ASR systems typically involve several core components. Firstly, they include an acoustic model, which recognizes the basic sounds in a language (phonemes). Secondly, there's a language model, which predicts the likelihood of a particular sequence of words. These models are often trained on vast datasets of spoken and written language to improve their accuracy. The integration of these models allows the ASR system to interpret a wide range of speech, even in the presence of background noise, different accents, or dialects.

### Applications and Uses

The applications of ASR are diverse and widespread. In everyday life, ASR is used in voice-activated GPS systems, virtual assistants like Siri or Alexa, and in smartphones for voice-to-text messaging. In the professional sphere, ASR aids in transcribing meetings, lectures, and interviews, making it a valuable tool in fields like journalism, law, and healthcare. Additionally, ASR technology is pivotal in accessibility, providing assistance to those who have difficulties with typing or using traditional computer interfaces, including individuals with disabilities.
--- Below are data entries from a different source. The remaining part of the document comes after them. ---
(* Consider decorated ideal hyperbolic triangles, parametrized by their generalized edge lengths $(l_1,l_2,l_3)\in\mathbb{R}^3$, with generalized angles $\theta_1,\theta_2,\theta_3$ ($\theta_i$ opposite the edge of length $l_i$), and set $x_i=\frac12(\theta_j+\theta_k-\theta_i)$ for $\{i,j,k\}=\{1,2,3\}$. Then the differential $1$-form $\omega=\sum_{i=1}^3 x_i\,dl_i$ is closed on $\mathbb{R}^3$, its integral $W(l)=\int_0^l\omega$ is a smooth strictly concave function on $\mathbb{R}^3$ (with negative definite Hessian), and $\partial W/\partial l_i=x_i$.
   Context: A decorated ideal triangle is an ideal hyperbolic triangle with a horodisk chosen at each of its three ideal vertices. The generalized angle $\theta_i$ at a vertex is twice the length of the arc of the chosen horocycle lying inside the triangle. The generalized length of an edge joining vertices $u,v$ with horodisks $B_u,B_v$ is the distance between $B_u$ and $B_v$ if they are disjoint, and minus the distance between the two points $\partial B_u\cap e$, $\partial B_v\cap e$ otherwise. Every $(l_1,l_2,l_3)\in\mathbb{R}^3$ is realized by a unique decorated ideal triangle up to isometry, and the angles and lengths satisfy $\frac{e^{l_i}}{2}=\frac{2}{\theta_j\theta_k}$ for $\{i,j,k\}=\{1,2,3\}$. *)

From Stdlib Require Import Reals Lra ClassicalEpsilon.
Open Scope R_scope.

Inductive ix : Type := I1 | I2 | I3.
Lemma line_eq_parallel l1 l2 : line_eq l1 l2 -> parallel l1 l2.
Proof.
move=> E; apply/negPn/negP => npar.
move: (on_line_meetl npar) (on_line_meetr npar).
case: (meet l1 l2) => x y; rewrite /on_line /= => /eqP on1 /eqP on2.
(* The translate of the meeting point along [l1] stays on [l1] but leaves [l2]. *)
have : on_line l1 (x + lb l1, y - la l1) by apply/eqP; rewrite -on1 /=; ring.
rewrite E /on_line /=.
rewrite (_ : la l2 * _ + _ = lc l2 - det l1 l2); last by rewrite -on2 /det; ring.
by rewrite -subr_eq0 addrAC subrr add0r oppr_eq0 -parallelE (negbTE npar).
Qed.

Lemma line_eq_origin l l' : line_eq l l' -> lc l' = 0 -> lc l = 0.
Proof.
by move=> E c0; move: (E (0, 0)); rewrite /on_line /= !mulr0 addr0 c0 eqxx => /eqP.
Qed.

Lemma line_eq_scale l1 l2 t : t != 0 ->
  la l2 = t * la l1 -> lb l2 = t * lb l1 -> lc l2 = t * lc l1 -> line_eq l1 l2.
Proof.
by move=> t0 ea eb ec p; rewrite /on_line ea eb ec -!mulrA -mulrDr (inj_eq (mulfI t0)).
Qed.

Lemma line_eq_det_x l l1 : lb l != 0 -> parallel l l1 ->
  line_eq l l1 <-> det_x l l1 = 0.
Proof.
move=> b0 par; split=> [E | /eqP].
  move: (E (0, lc l / lb l)); rewrite /on_line /= !mulr0 !add0r [lb l * _]mulrC.
  by rewrite divfK // eqxx => /esym/eqP h; rewrite /det_x -h; field.
rewrite /det_x subr_eq0 => /eqP dx.
have b1 : lb l1 != 0.
  apply: contraTneq par => b10; rewrite /parallel b10 mulr0 eq_sym mulf_eq0.
  by rewrite (negbTE b0) la_neq0.
apply: (line_eq_scale (t := lb l1 / lb l)); first by rewrite mulf_neq0 ?invr_neq0.
- by apply: (mulfI b0); rewrite -(eqP par); field.
- by rewrite divfK.
- by apply: (mulfI b0); rewrite -dx; field.
Qed.

Lemma crosses_sym l l1 l2 : crosses l l1 l2 <-> crosses l l2 l1.
Proof. by rewrite /crosses andbC; tauto. Qed.

Lemma crosses_nonparallel l l1 l2 :
  ~~ parallel l l1 -> ~~ parallel l l2 -> crosses l l1 l2.
Proof.
move=> p1 p2; split; [|split]; try by move/line_eq_parallel; apply/negP.
by rewrite (negbTE p1).
Qed.

Lemma midptC p q : midpt p q = midpt q p.
Proof. by rewrite /midpt addrC [p.2 + _]addrC. Qed.

Lemma mid_is_sym l l1 l2 m : mid_is l l1 l2 m <-> mid_is l l2 l1 m.
Proof.
rewrite /mid_is orbC; case: ifP => // _.
by split=> -[p1 [p2 [? ? ? ? ->]]]; exists p2, p1; rewrite midptC.
Qed.

Lemma crosses_mid_is_sym l l1 l2 m :
  (crosses l l1 l2 -> mid_is l l1 l2 m) <-> (crosses l l2 l1 -> mid_is l l2 l1 m).
Proof. by split=> H /crosses_sym /H /mid_is_sym. Qed.

Lemma mid_is_parallel l l1 l2 m :
  parallel l l1 || parallel l l2 -> mid_is l l1 l2 m -> m = None.
Proof. by rewrite /mid_is => ->. Qed.

Lemma mid_is_nonparallel l l1 l2 m : ~~ parallel l l1 -> ~~ parallel l l2 ->
  mid_is l l1 l2 m <-> m = Some (midpt (meet l l1) (meet l l2)).
Proof.
move=> p1 p2; rewrite /mid_is (negbTE p1) (negbTE p2) /=.
split=> [[q1 [q2 [a1 b1 a2 b2 ->]]] | ->]; last first.
  exists (meet l l1), (meet l l2).
  by split=> //; first [apply: on_line_meetl | apply: on_line_meetr].
by rewrite -(meet_unique p1 a1 b1) -(meet_unique p2 a2 b2).
Qed.

Lemma on_line_x_inj l p q : lb l != 0 ->
  on_line l p -> on_line l q -> p.1 = q.1 -> p = q.
Proof.
move=> b0 /eqP hp /eqP hq ex; case: p q ex hp hq => [x y] [x' y'] /= <- hp hq.
by congr pair; apply: (mulfI b0); apply: (addrI (la l * x)); rewrite hp hq.
Qed.

Section TwoNeq0.
Hypothesis two_nz : (2%:R : K) != 0.

Lemma on_line_midpt l p q : on_line l p -> on_line l q -> on_line l (midpt p q).
Proof.
move=> /eqP hp /eqP hq; apply/eqP; rewrite /midpt /=.
have -> : la l * ((p.1 + q.1) / 2%:R) + lb l * ((p.2 + q.2) / 2%:R) =
    ((la l * p.1 + lb l * p.2) + (la l * q.1 + lb l * q.2)) / 2%:R by field.
by rewrite hp hq; field.
Qed.

Lemma crosses_mid_is_parallel l l1 l2 M : lb l != 0 ->
  parallel l l1 -> ~~ parallel l l2 ->
  (crosses l l1 l2 -> mid_is l l1 l2 (Some M)) <-> det_x l l1 = 0.
Proof.
move=> b0 p1 p2; split=> [H | /(line_eq_det_x b0 p1) E [nE _]]; last by case: (nE E).
apply/eqP; apply: contraT => dx.
have cr : crosses l l1 l2.
  split; first by move/(line_eq_det_x b0 p1)/eqP; apply/negP.
  split; first by move/line_eq_parallel; apply/negP.
  by rewrite (negbTE p2) andbF.
by have /mid_is_parallel := H cr; rewrite p1 => /(_ isT).
Qed.

Lemma mid_is_Some l l1 l2 M : lb l != 0 -> on_line l M ->
  ~~ parallel l l1 -> ~~ parallel l l2 ->
  mid_is l l1 l2 (Some M) <->
  det_x l l1 * det l l2 + det_x l l2 * det l l1 = 2%:R * M.1 * det l l1 * det l l2.
Proof.
move=> b0 onM p1 p2; rewrite mid_is_nonparallel //.
set N := midpt _ _.
have onN : on_line l N by apply: on_line_midpt; apply: on_line_meetl.
have d1 : det l l1 != 0 by rewrite -parallelE.
have d2 : det l l2 != 0 by rewrite -parallelE.
have -> : det_x l l1 * det l l2 + det_x l l2 * det l l1 = 2%:R * N.1 * det l l1 * det l l2.
  by rewrite /N /midpt /meet /=; field; rewrite two_nz d1 d2.
split=> [[->] // | /(mulIf d2) /(mulIf d1) /(mulfI two_nz) eqx].
by congr Some; apply: on_line_x_inj b0 onM onN (esym eqx).
Qed.

Lemma crosses_mid_isE l l1 l2 M : lb l != 0 -> on_line l M ->
  (crosses l l1 l2 -> mid_is l l1 l2 (Some M)) <->
  det_x l l1 * det l l2 + det_x l l2 * det l l1 = 2%:R * M.1 * det l l1 * det l l2.
Proof.
move=> b0 onM.
have [p1|p1] := boolP (parallel l l1); have [p2|p2] := boolP (parallel l l2).
- move: (p1) (p2); rewrite !parallelE => /eqP-> /eqP->; rewrite !mulr0 addr0.
  by split=> // _ [_ [_]]; rewrite p1 p2.
- rewrite crosses_mid_is_parallel //; move: p1; rewrite parallelE => /eqP->.
  rewrite !mulr0 !mul0r addr0; split=> [-> | /eqP]; first by rewrite mul0r.
  by rewrite mulf_eq0 -parallelE (negbTE p2) orbF => /eqP.
- apply: (iff_trans (crosses_mid_is_sym _ _ _ _)).
  rewrite crosses_mid_is_parallel //; move: p2; rewrite parallelE => /eqP->.
  rewrite !mulr0 add0r; split=> [-> | /eqP]; first by rewrite mul0r.
  by rewrite mulf_eq0 -parallelE (negbTE p1) orbF => /eqP.
- rewrite -mid_is_Some //; split=> [H | H _ //].
  exact/H/crosses_nonparallel.
Qed.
### Challenges and Development

Despite significant advancements, ASR technology still faces challenges. Accurately recognizing speech in noisy environments, understanding heavily accented speech, or deciphering homophones (words that sound the same but have different meanings) are areas where ASR can struggle. Continuous research and development are focused on improving the robustness and accuracy of ASR systems. This involves training on more diverse datasets and employing advanced algorithms like deep learning to enhance the system's ability to understand context and nuance in spoken language.


## Introduction to Whisper

Whisper is an advanced machine learning model developed by OpenAI, specializing in speech-to-text transcription. It demonstrates remarkable accuracy in transcribing spoken words into written text, which is a significant breakthrough in the field of natural language processing. This technology is particularly relevant for humanists and archivists, as it bridges the gap between oral and written records, ensuring that spoken language, an essential part of human culture and history, is accurately preserved and accessible.

## Benefits for Humanists

For humanists, Whisper presents a unique opportunity to delve into oral histories, interviews, and cultural narratives that were previously difficult to document or analyze due to the labor-intensive process of transcription. With Whisper's high accuracy, even in handling various accents and dialects, humanists can now transcribe and analyze large volumes of audio recordings more efficiently. This capability enables a deeper and more nuanced understanding of cultural and historical contexts, as it allows for the preservation and study of diverse linguistic nuances and oral traditions that are often lost in written translation.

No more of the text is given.